*** Opening RECORDS PROVIDED ***

Lemma spanned0 : spanned P 0. Proof. by exists [::]. Qed.
Lemma spannedD a b : spanned P a -> spanned P b -> spanned P (a + b).
Proof. by move=> [L1 [h1 ->]] [L2 [h2 ->]]; exists (L1 ++ L2); rewrite all_cat h1 h2 piD. Qed.
Lemma spannedZ c a : spanned P a -> spanned P (c *: a).
Proof. by move=> [L [h ->]]; exists (ascale c L); rewrite all_map piZ. Qed.
Lemma spanned_sum I (r : seq I) (F : I -> EE) :
  (forall i, spanned P (F i)) -> spanned P (\sum_(i <- r) F i).
Proof. by move=> h; elim: r => [|i r IH]; rewrite ?big_nil ?big_cons; [exact: spanned0 | exact: spannedD]. Qed.

Lemma spannedM (P' P'' : pred (seq nat * seq nat)) a b :
  (forall w w', P w -> P' w' -> P'' (w.1 ++ w'.1, w.2 ++ w'.2)) ->
  spanned P a -> spanned P' b -> spanned P'' (a * b).
Proof.
move=> hP [L1 [h1 ->]] [L2 [h2 ->]]; exists (amul L1 L2); rewrite piM; split => //.
apply/allP => m /allpairsP [[a' b'] [/= ha hb ->]]; apply: hP.
  exact: (allP h1). exact: (allP h2).
Qed.

End Spanned.

Definition homog (d : bool) := spanned (fun w => (bideg w).2 == d).
Definition bihomog (d : bool * bool) := spanned (fun w => bideg w == d).

Lemma homog1 : homog false 1. Proof. by exists (aone K). Qed.
Lemma homogM d d' a b : homog d a -> homog d' b -> homog (d (+) d') (a * b).
Proof. by apply: spannedM => w w' /eqP <- /eqP <-; rewrite /bideg /= size_cat oddD. Qed.

Lemma bihomog_comm d d' a b : bihomog d a -> bihomog d' b -> a * b = bisign d d' *: (b * a).
Proof.
move=> [L1 [h1 ->]] [L2 [h2 ->]]; rewrite !pi_sum.
transitivity (\sum_(m <- L1) \sum_(n <- L2) tau m * tau n).
  by rewrite mulr_suml; apply: eq_bigr => m _; rewrite mulr_sumr.
transitivity (\sum_(m <- L1) \sum_(n <- L2) bisign d d' *: (tau n * tau m)); last first.
  rewrite mulr_suml scaler_sumr (@exchange_big EE 0 +%R) /=; apply: eq_bigr => n _.
  by rewrite mulr_sumr scaler_sumr.
apply: eq_big_seq => m mL1; apply: eq_big_seq => n nL2.
by rewrite tau_comm (eqP (allP h1 m mL1)) (eqP (allP h2 n nL2)).
Qed.

Definition nf_deg (d : bool) (x : aform) : aform :=
  [seq (acoef x k.1 k.2, k) | k <- undup (map tkey x) & odd (size k.2) == d].

Lemma nf_deg_homog d x : all (fun m => (bideg m.2).2 == d) (nf_deg d x).
Proof. by apply/allP => m /mapP [k]; rewrite mem_filter => /andP[h _] ->. Qed.

Lemma pi_nf_deg d x : (forall S T, odd (size T) != d -> acoef x S T = 0) -> pi x = pi (nf_deg d x).
Proof.
move=> hx; apply: piEE_eq => S T; rewrite [in RHS]acoefE /nf_deg big_map.
have E k : k \in map tkey x ->
    tcoef (acoef x k.1 k.2, k) S T = if k == (S, T) then acoef x S T else 0.
  case/mapP => m _ ->; rewrite /tcoef /tkey /= !(sorted_sort leq_trans (sort_sorted leq_total _)).
  case: eqP => [[<- <-]|//]; rewrite /tweight /= !esign_sort.
  case: (boolP (uniq m.2.1 && uniq m.2.2)) => [/andP[-> ->]|h]; first by rewrite !mulr1.
  by rewrite acoef_nuniq ?mul0r // !sort_uniq.
rewrite (eq_big_seq (fun k => if k == (S, T) then acoef x S T else 0)); last first.
  by move=> k; rewrite mem_filter mem_undup => /andP[_ /E].
case: (boolP ((S, T) \in [seq k <- undup (map tkey x) | odd (size k.2) == d])) => h.
  by rewrite sum_if_eq_uniq // filter_uniq // undup_uniq.
rewrite big1_seq; last by move=> k /andP[_ hk]; case: eqP => // ek; rewrite -ek hk in h.
move: h; rewrite mem_filter mem_undup negb_and /= => /orP[h|h]; first by rewrite hx.
by rewrite acoef_nokey.
Qed.

Lemma homog_acoef d x : homog d (pi x) -> forall S T, odd (size T) != d -> acoef x S T = 0.
Proof.
move=> [L [hL /piEE_eqP e]] S T hT; rewrite e acoefE big1_seq // => m /andP[_ mL].
rewrite /tcoef; case: eqP => // -[_ eT]; move: (allP hL m mL).
by rewrite /bideg /= -(size_sort leq) eT => /eqP h; rewrite h eqxx in hT.
Qed.

Lemma graded_assignE phi : graded_assign phi <->
  forall v S T, odd (size T) != v.1 -> acoef (phi v) S T = 0.
Proof.
split => h v; move: (h v); rewrite /A0 /A1; case: v.1 => hv S T /=.
- by rewrite eqb_id; apply: hv.
- by rewrite eqbF_neg negbK; apply: hv.
- by move=> hT; apply: hv; rewrite eqb_id.
- by move=> hT; apply: hv; rewrite eqbF_neg negbK.
Qed.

*** Closing RECORDS PROVIDED ***

> _WHAT TO PRODUCE_: Return each line from the material that includes the string "first".

> _SOLUTION_:
transitivity (\sum_(m <- L1) \sum_(n <- L2) bisign d d' *: (tau n * tau m)); last first.
  case: (boolP (uniq m.2.1 && uniq m.2.2)) => [/andP[-> ->]|h]; first by rewrite !mulr1.
rewrite (eq_big_seq (fun k => if k == (S, T) then acoef x S T else 0)); last first.
move: h; rewrite mem_filter mem_undup negb_and /= => /orP[h|h]; first by rewrite hx.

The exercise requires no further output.